To use the configuration file above:
```
import logging.config
from .config import LOG_CONFIG

logging.config.dictConfig(LOG_CONFIG)
logger = logging.getLogger(__name__)
```

It is rather important to include the `disable_existing_loggers` parameter since the default value is `True` and will result in any non-root loggers created before the call to `dictConfig` to be disabled.


### Examples
#### 1- Output all logs to console, write ERROR and above to file
http://localhost:8888/notebooks/Example%201.ipynb


#### 2- Output ERROR logs for a module to a different file
http://localhost:8888/notebooks/Example%202.ipynb


#### 3- Override imported logger configuration
http://localhost:8888/notebooks/Example%203.ipynb


### Python best practices
#### Always use custom loggers
Creating custom loggers by using `getLogger(__name__)` automatically creates a hierarchy throughout your codebase, and makes the debugging process much cleaner.

For example if your code has the following structure:
```
src/
	- main.py
	- module/
		- process.py
		- submodule/
			- subprocess.py

```

You can create a single definition for a "module" logger, and the loggers created in process.py (__name__ = "module.process") and subprocess.py (__name__ = "module.submodule.subprocess") would inherit all of it's properties.

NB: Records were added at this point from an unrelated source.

Lemma add_box_prefix lam r c :
  add_box (shape_prefix lam r c) r.+1 c.+1 =2 shape_prefix lam r c.+1.
Proof.
move=> p q; rewrite /add_box /shape_prefix -orbA; congr (_ || _).
by case: (p == r.+1); case: ltngtP => //=; lia.
Qed.

Lemma shape_prefix_row lam r : shape_prefix lam r (nth 0 lam r) =2 shape_prefix lam r.+1 0.
Proof.
move=> p q; rewrite /shape_prefix /in_shape.
case: (eqVneq p r.+1) => [-> /= | ne]; apply/idP/idP; lia.
Qed.

Lemma shape_prefix_all lam : shape_prefix lam (size lam) 0 =2 in_shape lam.
Proof.
move=> p q; rewrite /shape_prefix /in_shape.
have [le_p | lt_p] := leqP p (size lam); first by apply/idP/idP; lia.
by rewrite nth_default; [apply/idP/idP | ]; lia.
Qed.

Lemma shape_prefix0 lam : (fun _ _ => false) =2 shape_prefix lam 0 0.
Proof. by move=> p q; rewrite /shape_prefix /in_shape; lia. Qed.

Lemma toggle_row_inv lam T r c F : is_partition lam -> c <= nth 0 lam r ->
    toggle_inv (shape_prefix lam r c) T F ->
  toggle_inv (shape_prefix lam r (nth 0 lam r)) T
    (foldl (toggle_box T) F [seq (r.+1, j.+1) | j <- iota c (nth 0 lam r - c)]).
Proof.
move=> lamP; move Ed : (nth 0 lam r - c) => d.
elim: d c F Ed => [|d IH] c F Ed le_c invF /=.
  by have <- : c = nth 0 lam r by lia.
apply: IH; [lia | lia | ].
apply: toggle_inv_ext (add_box_prefix lam r c) _.
by apply: toggle_step_inv invF _; apply: outer_corner_prefix; lia.
Qed.

Lemma toggle_rows_inv lam T r F : is_partition lam -> r <= size lam ->
    toggle_inv (shape_prefix lam r 0) T F ->
  toggle_inv (shape_prefix lam (size lam) 0) T
    (foldl (toggle_box T) F
       (flatten [seq [seq (i.+1, j.+1) | j <- iota 0 (nth 0 lam i)]
                   | i <- iota r (size lam - r)])).
Proof.
move=> lamP; move Ed : (size lam - r) => d.
elim: d r F Ed => [|d IH] r F Ed le_r invF /=.
  by have <- : r = size lam by lia.
rewrite foldl_cat; apply: IH; [lia | lia | ].
apply: toggle_inv_ext (shape_prefix_row lam r) _.
by have := toggle_row_inv lamP (leq0n _) invF; rewrite subn0.
Qed.

Lemma toggle_inv_shape lam T : is_partition lam -> toggle_inv (in_shape lam) T (toggle lam T).
Proof.
move=> lamP; apply: toggle_inv_ext (shape_prefix_all lam) _.
have inv0 := toggle_inv_ext (shape_prefix0 lam) (toggle_inv_empty T).
by have := toggle_rows_inv lamP (leq0n _) inv0; rewrite subn0.
Qed.

Local Open Scope ring_scope.

Theorem proposition2p6 (lam : seq nat) (T : ntableau) (a b : nat) :
  is_partition lam -> border_box lam a b ->
  diag_sum (toggle lam T) a b = (rect_sum lam T a b)%:Z.
Proof. by move=> lamP; apply: (inv_diag (toggle_inv_shape T lamP)). Qed.
Lemma zp_square_lift c r : zp_unit p c -> (P %| c 1%N - r ^+ 2)%Z -> zp_square p c.
Proof.
move=> uc cr; have /is_zpP dc := uc.1.
(* Newton's step y -> y + (c - y^2) / 2y, with 1 / 2y only taken modulo p. *)
pose step m y := y + (c m.+2 - y ^+ 2) * invz_mod (2 * y) P.
pose fix ys m := if m is m'.+1 then step m' (ys m') else r.
have inv2 y : ~~ (P %| y)%Z -> (P %| 2 * y * invz_mod (2 * y) P - 1)%Z.
  move=> hy; rewrite invz_modP // coprimez_sym coprimez_prime //.
  by rewrite prime_dvdzM negb_or prime_ndvdz2.
have next_level m y : (P ^+ m.+1 %| c m.+1 - y ^+ 2)%Z -> (P ^+ m.+1 %| c m.+2 - y ^+ 2)%Z.
  have -> : c m.+2 - y ^+ 2 = (c m.+2 - c m.+1) + (c m.+1 - y ^+ 2) by ring.
  exact: rpredD.
have ys_root m : ~~ (P %| ys m)%Z /\ (P ^+ m.+1 %| c m.+1 - ys m ^+ 2)%Z.
  elim: m => [|m [ym_unit ym_root]] /=.
    split; last by rewrite expr1.
    apply: contra (zp_unit_ndvd uc (ltn0Sn 0)) => pr.
    have -> : c 1%N = (c 1%N - r ^+ 2) + r * r by rewrite expr2; ring.
    by rewrite rpredD // dvdz_mulr.
  set y := ys m in ym_unit ym_root *; set w := invz_mod (2 * y) P.
  have hdelta := next_level _ _ ym_root.
  have Pdelta : (P %| (c m.+2 - y ^+ 2) * w)%Z.
    by rewrite dvdz_mulr // (dvdz_trans (dvdz_expS m) hdelta).
  split.
    apply: contra ym_unit => hy.
    by rewrite -(addrK ((c m.+2 - y ^+ 2) * w) y) rpredB.
  have -> : c m.+2 - (y + (c m.+2 - y ^+ 2) * w) ^+ 2 =
    - ((c m.+2 - y ^+ 2) * (2 * y * w - 1))
    - ((c m.+2 - y ^+ 2) * (c m.+2 - y ^+ 2)) * w ^+ 2 by ring.
  apply: rpredB; first by rewrite rpredN [P ^+ _]exprSr; apply: dvdz_mul hdelta (inv2 _ ym_unit).
  apply: dvdz_mulr; apply: dvdz_trans (dvdz_mul hdelta hdelta).
  by rewrite -exprD; apply: dvdz_exp2l; lia.
exists (fun n => ys n.-1); split.
  apply/is_zpP => -[|n] /=; first by rewrite expr0 dvd1z.
  rewrite /step addrAC subrr add0r dvdz_mulr // next_level //.
  by case: (ys_root n).
apply/zp_eqP => -[|n]; first by rewrite expr0 dvd1z.
by rewrite /zp_mul /= -expr2 -opprB rpredN; case: (ys_root n).
Qed.

Lemma zp_nonsquare_mod D n :
  zp_unit p D -> ~ zp_square p D -> (0 < n)%N -> forall t, ~ (P %| D n - t ^+ 2)%Z.
Proof.
move=> uD nsqD n_gt0 t Dt; apply: nsqD; apply: (zp_square_lift (r := t) uD).
have := is_zp_dvd_sub uD.1 n_gt0; rewrite expr1 => dD.
have -> : D 1%N - t ^+ 2 = (D n - t ^+ 2) - (D n - D 1%N) by ring.
exact: rpredB.
Qed.

End PadicSequences.

Definition unit_sq_mod (p : nat) (a C : int) : Prop :=
  exists X, ~~ (p%:Z %| X)%Z /\ (p%:Z %| C - a * X ^+ 2)%Z.

Definition isotropic_mod (p : nat) (a b : int) : Prop :=
  exists X Y, [/\ ~~ (p%:Z %| X)%Z, ~~ (p%:Z %| Y)%Z & (p%:Z %| a * X ^+ 2 + b * Y ^+ 2)%Z].

(* The possible shapes of p^r C = a X^2 + p^E b Y^2 (mod p^(T+1)) with a, b, C units: the
   term a X^2 or the term p^E b Y^2 has valuation r and carries C, both have valuation r,
   or their leading parts cancel. *)
Definition binary_rep_cases (p T E r : nat) (a b C : int) : Prop :=
  [\/ ~~ odd r /\ unit_sq_mod p a C, odd r = odd E /\ unit_sq_mod p b C,
      ~~ odd r /\ ~~ odd E | [/\ ~~ odd E, (E <= T)%N & isotropic_mod p a b]].

Section PadicValuation.

Variable p : nat.
Hypothesis p_prime : prime p.
Local Notation P := (p%:Z).

Lemma dvdz_pexp_split K x :
  (P ^+ K %| x)%Z \/ exists a X, [/\ (a < K)%N, ~~ (P %| X)%Z & x = P ^+ a * X].
Proof.
elim: K => [|K [/dvdzP[q ->]|[a [X [aK PX ->]]]]]; first by left; rewrite expr0 dvd1z.
- case Pq: (P %| q)%Z; last by right; exists K, q; rewrite Pq mulrC.
  by left; rewrite exprSr mulrC dvdz_mul2l ?expz_prime_neq0.
- by right; exists a, X; split=> //; exact: leqW.
Qed.

Lemma dvdz_pexp_lead l r K Z W C :
  (r < K)%N -> ~~ (P %| C)%Z -> Z = P ^+ l * W -> (P ^+ K %| Z - P ^+ r * C)%Z ->
  [/\ (l <= r)%N, l = r -> (P %| W - C)%Z & (l < r)%N -> (P %| W)%Z].
Proof.
move=> rK PC ZE dK; have dr : (P ^+ r.+1 %| Z - P ^+ r * C)%Z.
  exact: dvdz_trans (dvdz_exp2l _ rK) dK.
case: (ltngtP l r) => [lr|rl|lr]; last 1 first.
- split=> [|_|]; rewrite ?lr ?ltnn //.
  by move: dr; rewrite ZE lr -mulrBr exprSr dvdz_mul2l // expz_prime_neq0.
- split=> // [lr'|_]; first by rewrite lr' ltnn in lr.
  have : (P ^+ l.+1 %| Z)%Z.
    rewrite -(subrK (P ^+ r * C) Z); apply: rpredD.
      exact: dvdz_trans (dvdz_exp2l _ (ltnW (lr : l.+1 < r.+1)%N)) dr.
    exact/dvdz_mulr/dvdz_exp2l.
  by rewrite ZE exprSr dvdz_mul2l // expz_prime_neq0.
- exfalso; move/negP: PC; apply.
  have : (P ^+ r.+1 %| P ^+ r * C)%Z.
    rewrite -(subKr Z (P ^+ r * C)); apply: rpredB dr.
    by rewrite ZE; apply/dvdz_mulr/dvdz_exp2l.
  by rewrite exprSr dvdz_mul2l // expz_prime_neq0.
Qed.

Lemma dvdz_pexp_lead_unit l r K Z W C :
  (r < K)%N -> ~~ (P %| C)%Z -> ~~ (P %| W)%Z -> Z = P ^+ l * W ->
  (P ^+ K %| Z - P ^+ r * C)%Z -> l = r /\ (P %| W - C)%Z.
Proof.
move=> rK PC PW ZE dK; have [lr lrE lrW] := dvdz_pexp_lead rK PC ZE dK.
have l_r : l = r by apply/eqP; rewrite eqn_leq lr leqNgt (contraNN lrW PW).
by split=> //; apply: lrE.
Qed.

Lemma dvdz_pexp_lead_perturb l m r K Z W V C :
  (l < m)%N -> (r < K)%N -> ~~ (P %| C)%Z -> ~~ (P %| W)%Z ->
  Z = P ^+ l * W + P ^+ m * V -> (P ^+ K %| Z - P ^+ r * C)%Z ->
  l = r /\ (P %| W - C)%Z.
Proof.
move=> lm rK PC PW ZE dK.
have PV : (P %| P ^+ (m - l) * V)%Z by rewrite dvdz_mulr // -(subnSK lm) dvdz_expS.
have ZE' : Z = P ^+ l * (W + P ^+ (m - l) * V).
  by rewrite ZE mulrDr mulrA -exprD subnKC // ltnW.
have PW' : ~~ (P %| W + P ^+ (m - l) * V)%Z.
  by apply: contra PW => h; rewrite -(addrK (P ^+ (m - l) * V) W) rpredB.
have [lr dWC] := dvdz_pexp_lead_unit rK PC PW' ZE' dK; split=> //.
have -> : W - C = (W + P ^+ (m - l) * V - C) - P ^+ (m - l) * V by ring.
exact: rpredB dWC PV.
Qed.

Lemma dvdz_pexp_lead_high r K Z C :
  (r < K)%N -> ~~ (P %| C)%Z -> (P ^+ K %| Z)%Z -> ~ (P ^+ K %| Z - P ^+ r * C)%Z.
Proof.
move=> rK PC /dvdzP[V ZE] dK.
rewrite mulrC in ZE; have [] := dvdz_pexp_lead rK PC ZE dK.
by rewrite leqNgt rK.
Qed.

Lemma dvdz_pexp_lead_add_high l r K Z W V C :
  (r < K)%N -> ~~ (P %| C)%Z -> ~~ (P %| W)%Z ->
  Z = P ^+ l * W + P ^+ K * V -> (P ^+ K %| Z - P ^+ r * C)%Z ->
  l = r /\ (P %| W - C)%Z.
Proof.
move=> rK PC PW ZE dK; case: (ltnP l K) => lK.
  exact: dvdz_pexp_lead_perturb lK rK PC PW ZE dK.
exfalso; apply: dvdz_pexp_lead_high rK PC _ dK.
by rewrite ZE rpredD // dvdz_mulr // dvdz_exp2l.
Qed.

Lemma dvdz_pexp_lead_add2 l1 l2 r K Z W1 W2 C :
  (r < K)%N -> ~~ (P %| C)%Z -> ~~ (P %| W1)%Z -> ~~ (P %| W2)%Z ->
  Z = P ^+ l1 * W1 + P ^+ l2 * W2 -> (P ^+ K %| Z - P ^+ r * C)%Z ->
  [\/ l1 = r /\ (P %| W1 - C)%Z, l2 = r /\ (P %| W2 - C)%Z |
      [/\ l1 = l2, (l1 <= r)%N & (l1 < r)%N -> (P %| W1 + W2)%Z]].
Proof.
move=> rK PC PW1 PW2 ZE dK; case: (ltngtP l1 l2) => [l12|l21|l12].
- by apply: Or31; exact: dvdz_pexp_lead_perturb l12 rK PC PW1 ZE dK.
- by apply: Or32; rewrite addrC in ZE; exact: dvdz_pexp_lead_perturb l21 rK PC PW2 ZE dK.
- have ZE' : Z = P ^+ l1 * (W1 + W2) by rewrite ZE l12 mulrDr.
  by have [l1r _ lrW] := dvdz_pexp_lead rK PC ZE' dK; apply: Or33.
Qed.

#### Always configure root logger
While you should never use the root logger, you should always configure it to make it easier to track errors generated by libraries which have not declared custom loggers.

By default the root logger only logs to stderr.


#### Think about debugging and end-user context
The needs of the end user and developper are not always aligned. Make sure your log events contain the necessary information for users to act on an error, as well as for developpers to investigate and resolve them.